The problem of low initial torque of a synchronous motor is also addressed in U.S. Pat. No. 4,830,412 entitled Starting System and Method Using a Hybrid Permanent Magnet/Induction Machine issued to Bernard A. Raad et al on May 16, 1989. This patent presents a hybrid machine, for starting a prime mover. This hybrid machine includes a squirrel cage having bars that are interposed between a set of permanent magnets. When ac power is applied to armature windings, this hybrid machine operates as a synchronous motor. When the rotor of this hybrid machine approaches synchronous rotation speed, the relative rotational velocity of the rotor and rotating field produced by the armature approaches zero, the inductively generated torque on the rotor approaches zero so that the magnetic field of the permanent magnets dominates the coupling between the rotor and the ac magnetic field from the armature. This hybrid machine thereafter operates as a synchronous motor.

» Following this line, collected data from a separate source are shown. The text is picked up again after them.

(* For each integral geometric Apollonian super-packing there is a Euclidean motion of the plane that maps it to a strongly integral geometric Apollonian super-packing.
   Context: Circles are taken in $\hat{\mathbb C}=\mathbb R^2\cup\{\infty\}$; lines count as circles. A Descartes configuration is a set of four mutually tangent circles with disjoint interiors; an ordered, oriented one carries an ordering and a total orientation, with signed curvatures (reciprocal radius, negative when the interior is unbounded, $0$ for lines, all reversed for negative orientation). Its curvature-center coordinate matrix $M_{\mathcal D}$ is the $4\times3$ matrix with $i$-th row $(b_i,b_ix_i,b_iy_i)$, $b_i$ the signed curvature and $(x_i,y_i)$ the center of the $i$-th circle (for a line: $(0,n_x,n_y)$, $n$ the unit normal pointing into the line's interior half-plane). Let $S_i$ be the $4\times4$ matrix equal to the identity except that row $i$ has $-1$ in position $i$ and $2$ elsewhere, $S_i^\perp=S_i^T$, and $\mathcal A^S=\langle S_i,S_i^\perp\rangle$ the super-Apollonian group, acting on ordered oriented Descartes configurations by left multiplication on their augmented curvature-center coordinates. The geometric super-packing generated by $\mathcal D$ is the set of all circles of configurations in the orbit $\mathcal A^S[\mathcal D]$. It is integral if some (equivalently every) configuration in the orbit has all curvatures integers, and strongly integral if some (equivalently every) configuration in the orbit has $M_{\mathcal D}$ an integer matrix. *)

From mathcomp Require Import all_boot all_order all_algebra.
From mathcomp Require Import reals.
Set Implicit Arguments. Unset Strict Implicit. Unset Printing Implicit Defensive.
Import Order.TTheory GRing.Theory Num.Theory.
Local Open Scope ring_scope.

Section Apollonian.
Variable R : realType.

(* Points of the extended plane  C^ = R^2 u {oo};  None = oo. *)
Definition pt := (R * R)%type.
Definition xpt := option pt.

Definition dot (p q : pt) : R := p.1 * q.1 + p.2 * q.2.
Definition d2 (p q : pt) : R := (p.1 - q.1) ^+ 2 + (p.2 - q.2) ^+ 2.

(* An oriented circle is given by its chosen interior (a generalized disk):
   - GDisk c r   : interior {p : |p-c| < r}           (bounded interior)
   - GCoDisk c r : interior {p : |p-c| > r} u {oo}     (unbounded interior)
   - GHalf n h   : interior {p : n.p > h}, n unit normal pointing into it,
                   boundary is the line {n.p = h} together with oo. *)
Inductive gdisk :=
| GDisk of pt & R
| GCoDisk of pt & R
| GHalf of pt & R.

Definition gdisk_wf (d : gdisk) : Prop :=
  match d with
  | GDisk _ r | GCoDisk _ r => 0 < r
  | GHalf n _ => dot n n = 1
  end.

Definition interior (d : gdisk) (z : xpt) : Prop :=
  match d, z with
  | GDisk c r, Some p => d2 p c < r ^+ 2
  | GDisk _ _, None => False
  | GCoDisk c r, Some p => r ^+ 2 < d2 p c
  | GCoDisk _ _, None => True
  | GHalf n h, Some p => h < dot n p
  | GHalf _ _, None => False
  end.

Definition circle (d : gdisk) (z : xpt) : Prop :=
  match d, z with
  | GDisk c r, Some p | GCoDisk c r, Some p => d2 p c = r ^+ 2
  | GDisk _ _, None | GCoDisk _ _, None => False
  | GHalf n h, Some p => dot n p = h
  | GHalf _ _, None => True
  end.

Definition tangent (d1 d2 : gdisk) : Prop :=
  exists z, circle d1 z /\ circle d2 z /\
    forall w, circle d1 w -> circle d2 w -> w = z.

Definition disjoint_interiors (d1 d2 : gdisk) : Prop :=
  forall z, ~ (interior d1 z /\ interior d2 z).

(* Ordered, oriented configuration: four oriented circles plus a total
   orientation (true = positive, false = negative). *)
Record config := Config { circ : 'I_4 -> gdisk ; posor : bool }.

Definition is_descartes (D : config) : Prop :=
  (forall i, gdisk_wf (circ D i)) /\
  (forall i j, i != j ->
     tangent (circ D i) (circ D j) /\
     disjoint_interiors (circ D i) (circ D j)).

(* Row (bbar, b, b x, b y) of augmented curvature-center coordinates for a
   positively oriented circle; for a line (bbar, 0, n_x, n_y) with bbar the
   signed curvature of its image under inversion in the unit circle (= 2h). *)
Definition acc_row (d : gdisk) (k : 'I_4) : R :=
  match d with
  | GDisk c r =>
      let b := r^-1 in
      [:: b * dot c c - b^-1; b; b * c.1; b * c.2]`_k
  | GCoDisk c r =>
      let b := - r^-1 in
      [:: b * dot c c - b^-1; b; b * c.1; b * c.2]`_k
  | GHalf n h => [:: 2 * h; 0; n.1; n.2]`_k
  end.

Definition orsign (D : config) : R := if posor D then 1 else -1.

Definition acc (D : config) : 'M[R]_4 :=
  \matrix_(i < 4, k < 4) (orsign D * acc_row (circ D i) k).

Definition ccmat (D : config) : 'M[R]_(4, 3) :=
  \matrix_(i < 4, k < 3) acc D i (lift ord0 k).

Definition curv (D : config) (i : 'I_4) : R := acc D i (lift ord0 ord0).

Definition Sgen (i : 'I_4) : 'M[R]_4 :=
  \matrix_(k < 4, l < 4)
    (if k == i then (if l == i then -1 else 2) else (k == l)%:R).

(* The super-Apollonian group A^S = <S_i, S_i^T>.  Since every generator is an
   involution, the group generated equals the monoid generated. *)
Inductive superA : 'M[R]_4 -> Prop :=
| superA1 : superA 1%:M
| superAS i g : superA g -> superA (Sgen i *m g)
| superAST i g : superA g -> superA ((Sgen i)^T *m g).

Definition in_orbit (D D' : config) : Prop :=
  is_descartes D' /\ exists g, superA g /\ acc D' = g *m acc D.

Definition super_packing (D : config) (C : xpt -> Prop) : Prop :=
  exists D', in_orbit D D' /\ exists i, C = circle (circ D' i).

Definition is_int (x : R) : Prop := exists z : int, x = z%:~R.

Definition integral_sp (D : config) : Prop :=
  exists D', in_orbit D D' /\ forall i, is_int (curv D' i).

Definition strongly_integral_sp (D : config) : Prop :=
  exists D', in_orbit D D' /\ forall i k, is_int (ccmat D' i k).

Definition euclid_motion (f : pt -> pt) : Prop :=
  forall p q, d2 (f p) (f q) = d2 p q.

Definition xmap (f : pt -> pt) (z : xpt) : xpt := omap f z.

Definition image_set (f : pt -> pt) (C : xpt -> Prop) : xpt -> Prop :=
  fun w => exists z, C z /\ w = xmap f z.

End Apollonian.

From Pilot Require Import Defs.
From mathcomp Require Import all_boot all_order all_algebra.
From mathcomp Require Import reals.
From mathcomp Require Import zify ring lra.
From Stdlib Require Import FunctionalExtensionality PropExtensionality.
Set Implicit Arguments. Unset Strict Implicit. Unset Printing Implicit Defensive.
Import Order.TTheory GRing.Theory Num.Theory.
Local Open Scope ring_scope.

(* The curvatures [b] of an integral Descartes configuration form an integer
   vector isotropic for the Descartes form [Q_D].  A descent with the
   super-Apollonian generators shows that every such [b] extends to an integral
   frame: integer vectors [U], [V] that are [Q_D]-orthogonal to [b] and to each
   other and have [Q_D]-norm 2.  By the augmented Euclidean Descartes theorem
   [W^T Q_D W = Q_W], the columns of the augmented matrix [W] of the
   configuration form a basis in which [U] and [V] expand, and the coefficients
   of these expansions are the linear part and the translation of a Euclidean
   motion that turns the centre columns [(b x, b y)] into [U] and [V].  A motion
   acts on [W] from the right, so it commutes with the super-Apollonian group
   acting from the left and carries the whole super-packing onto that of the
   moved, strongly integral, configuration. *)

(** * Integral frames of isotropic vectors *)

Record ivec := IVec { iv0 : int; iv1 : int; iv2 : int; iv3 : int }.
From HB Require Import structures.
From mathcomp Require Import all_boot all_order all_algebra.
From mathcomp Require Import all_classical all_reals all_analysis.
Import Order.TTheory GRing.Theory Num.Theory.
Import numFieldNormedType.Exports.
Local Open Scope classical_set_scope.
Local Open Scope ring_scope.
From mathcomp Require Import finmap ring lra.

(* For q <> 1, [Dratio r * ln r = ln I(r,q) / (q - 1)], and for q = 1 it is
   [I(r,1)].  Since [r |-> mu(B(x,r))] is nondecreasing and, K being compact,
   mu-almost every x in K has balls of positive mass, this product is
   nondecreasing in r on (0,1), unless I degenerates near 0, in which case
   [Dratio] vanishes there and [Dlow = Dup = 0].  In the variable s = -ln r,
   the function [s * Dratio (exp (-s))] is thus nondecreasing: Dratio can only
   jump upwards by [|tau| (s - s') / s'] between s' < s.  Refining a
   logarithmic grid between a point where [Dratio < tau] and a point where
   [Dratio > tau] gives points, arbitrarily close to 0, where Dratio is
   arbitrarily close to tau. *)

Set Implicit Arguments.
Unset Strict Implicit.
Unset Printing Implicit Defensive.

Section euclidean_ball.
Variables (R : realType) (d : nat).
Implicit Types (x y z w : 'rV[R]_d) (r : R).

Definition sqdist x y : R := \sum_(i < d) (x ord0 i - y ord0 i) ^+ 2.

Lemma eball_sqdist (x : BorelRd R d) r y : 0 < r ->
  eball x r y <-> sqdist x y < r ^+ 2.
Proof.
move=> r0; rewrite /eball /= -[X in _ < X](@gtr0_norm _ r)// -sqrtr_sqr.
by rewrite ltr_sqrt ?exprn_gt0.
Qed.
Lemma component_eq X u v : connect (map_rel X) u v -> component X u = component X v.
Proof.
move=> cuv; apply/setP => w; rewrite !inE; apply/idP/idP => h.
- by apply: connect_trans h; rewrite (sym_connect_sym (@map_rel_sym X)).
- exact: connect_trans cuv h.
Qed.

Lemma porbit_face_on_connect X u w :
  w \in porbit (face_on X) u -> connect (map_rel X) u w.
Proof.
have step z : connect (map_rel X) z (face_on X z).
  rewrite permM permE /alpha_fun; case: ifP => [/andP [h1 h2] | _].
  - apply: (@connect_trans _ _ (a z)); apply: connect1.
    + by rewrite /map_rel h1 h2 eqxx !orbT.
    + by rewrite /map_rel eqxx.
  - by apply: connect1; rewrite /map_rel eqxx.
case/porbitP => i ->; elim: i => [|i IH]; first by rewrite expg0 perm1.
by rewrite expgSr permM; apply: connect_trans IH (step _).
Qed.

Lemma alpha_on0 : alpha_on set0 = 1%g.
Proof. by apply/permP => z; rewrite permE perm1 /alpha_fun inE. Qed.

Lemma ncomponents0 : ncomponents set0 = #|porbits s|.
Proof.
suff compE u : component set0 u = porbit s u by rewrite /ncomponents /porbits (eq_imset _ compE).
have porbit_s b : porbit s (s b) = porbit s b by have := porbit_perm s 1 b; rewrite expg1.
apply/setP => w; rewrite inE; apply/idP/idP.
- move=> cw; apply: (connect_forward_closed (P := fun w => w \in porbit s u)) cw (porbit_id _ _).
  move=> b c Pb; rewrite /map_rel inE andFb orbF => /orP [/eqP -> | /eqP Eb].
  + by rewrite -eq_porbit_mem porbit_s eq_porbit_mem.
  + by rewrite -eq_porbit_mem -porbit_s -Eb eq_porbit_mem.
- case/porbitP => i ->; elim: i => [|i IH]; first by rewrite expg0 perm1.
  by rewrite expgSr permM; apply: connect_trans IH (connect1 _); rewrite /map_rel eqxx.
Qed.

Section DeleteEdge.
Variables (X : {set D}) (x : D).
Hypotheses (clX : alpha_closed X) (xX : x \in X).
Let Y := X :\ x :\ a x.

Lemma alpha_closedD : alpha_closed Y.
Proof.
by move=> z; rewrite !inE clX !(can2_eq aK aK) aK andbCA.
Qed.
(* Let $n\ge3$, $1<k<n/2$, $p>\frac{nk}{n-2k}$, and let $u$ be a regular solution of (1.6). Then $u'(r)<0$ for all $r>0$, $u(r)\to0$ as $r\to\infty$, and there are constants $C_1,C_2>0$ such that for all sufficiently large $r$, $$C_1r^{-\frac{n-2k}{k}}\le u(r)\le C_2r^{-\frac{2k}{p-k}}.$$
   Context: Problem (1.6) is: given $\rho>0$, find $u$ with $-\tfrac{1}{k}C_{n-1}^{k-1}(r^{n-k}|u'|^{k-1}u')'=r^{n-1}u^{p}$, $u(r)>0$ for all $r>0$, $u'(0)=0$, $u(0)=\rho$, where $C_{n-1}^{k-1}$ is the binomial coefficient. A solution $u$ of (1.6) is regular if $x\mapsto u(|x|)$ belongs to $C^2(\mathbb{R}^n)$. *)

From Stdlib Require Import Reals Lra Lia Arith.
Open Scope R_scope.

(* Points of R^n are represented as x : nat -> R; only coordinates 0..n-1
   matter (all functions below only look at those). *)

Definition normn (n : nat) (x : nat -> R) : R :=
  sqrt (sum_f_R0 (fun i => x i ^ 2) (n - 1)).  (* used only with n >= 3 *)

Definition distn (n : nat) (x y : nat -> R) : R :=
  normn n (fun i => x i - y i).

Definition shift (x : nat -> R) (i : nat) (t : R) : nat -> R :=
  fun j => if Nat.eqb j i then x j + t else x j.

Definition partial_lim (f : (nat -> R) -> R) (i : nat) (x : nat -> R) (l : R) : Prop :=
  derivable_pt_lim (fun t => f (shift x i t)) 0 l.

Definition contn (n : nat) (g : (nat -> R) -> R) : Prop :=
  forall x eps, 0 < eps -> exists delta, 0 < delta /\
    forall y, distn n x y < delta -> Rabs (g y - g x) < eps.

Definition C1n (n : nat) (f : (nat -> R) -> R) : Prop :=
  contn n f /\
  exists D : nat -> (nat -> R) -> R,
    (forall i, (i < n)%nat -> forall x, partial_lim f i x (D i x)) /\
    (forall i, (i < n)%nat -> contn n (D i)).

Definition C2n (n : nat) (f : (nat -> R) -> R) : Prop :=
  contn n f /\
  exists D : nat -> (nat -> R) -> R,
    (forall i, (i < n)%nat -> forall x, partial_lim f i x (D i x)) /\
    (forall i, (i < n)%nat -> C1n n (D i)).

Definition right_deriv (f : R -> R) (x l : R) : Prop :=
  forall eps, 0 < eps -> exists delta, 0 < delta /\
    forall h, 0 < h < delta -> Rabs ((f (x + h) - f x) / h - l) < eps.

Definition solves_1_6 (n k : nat) (p rho : R) (u u' : R -> R) : Prop :=
  (forall r, 0 < r -> derivable_pt_lim u r (u' r)) /\
  right_deriv u 0 (u' 0) /\
  (forall r, 0 < r ->
     exists d,
       derivable_pt_lim (fun s => s ^ (n - k) * Rabs (u' s) ^ (k - 1) * u' s) r d /\
       - (1 / INR k) * C (n - 1) (k - 1) * d = r ^ (n - 1) * Rpower (u r) p) /\
  (forall r, 0 < r -> 0 < u r) /\
  u' 0 = 0 /\
  u 0 = rho.

Definition regular (n : nat) (u : R -> R) : Prop :=
  C2n n (fun x => u (normn n x)).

Raad also discusses the following references by Mehl et al and by Cronin. Mehl et al, U.S. Pat. No. 4,481,459 discloses a permanent magnet brushless generator. Once synchronous speed is reached, ac power at the synchronous frequency of the main generator is applied to the stator windings thereof to cause the main generator to operate as a synchronous motor.
Cronin U.S. Pat. No. 4,473,752 discloses a starter-generator machine which includes a rotor-shaped stator that is fixed within a squirrel cage induction rotor. The rotor has permanent magnets on its outer circumference. Once a given rotor speed is achieved, ac power is applied to the stator windings which surround the rotor. This synchronizes the rotating magnetic field of the permanent magnets with the rotating field developed by the stator to produce maximum motive power.
In U.S. Pat. No. 4,885,494 entitled Motor and Motor Device issued to Kazuhiko Higashi on Dec. 5, 1989, a superconducting motor is disclosed that is similar to the permanent magnet motors described above, in that it also operates as a hybrid induction-synchronous motor and has a squirrel cage rotor. It differs from the above patent by Raad in that it does not have any permanent magnets.
It would be advantageous to achieve the high maximum torque of the motor presented in the patent by Rabinowitz, the increased startup torque of the hybrid machines presented in the patents by Raad and Higashi without the complexity of the motor presented in Plunkett, et al.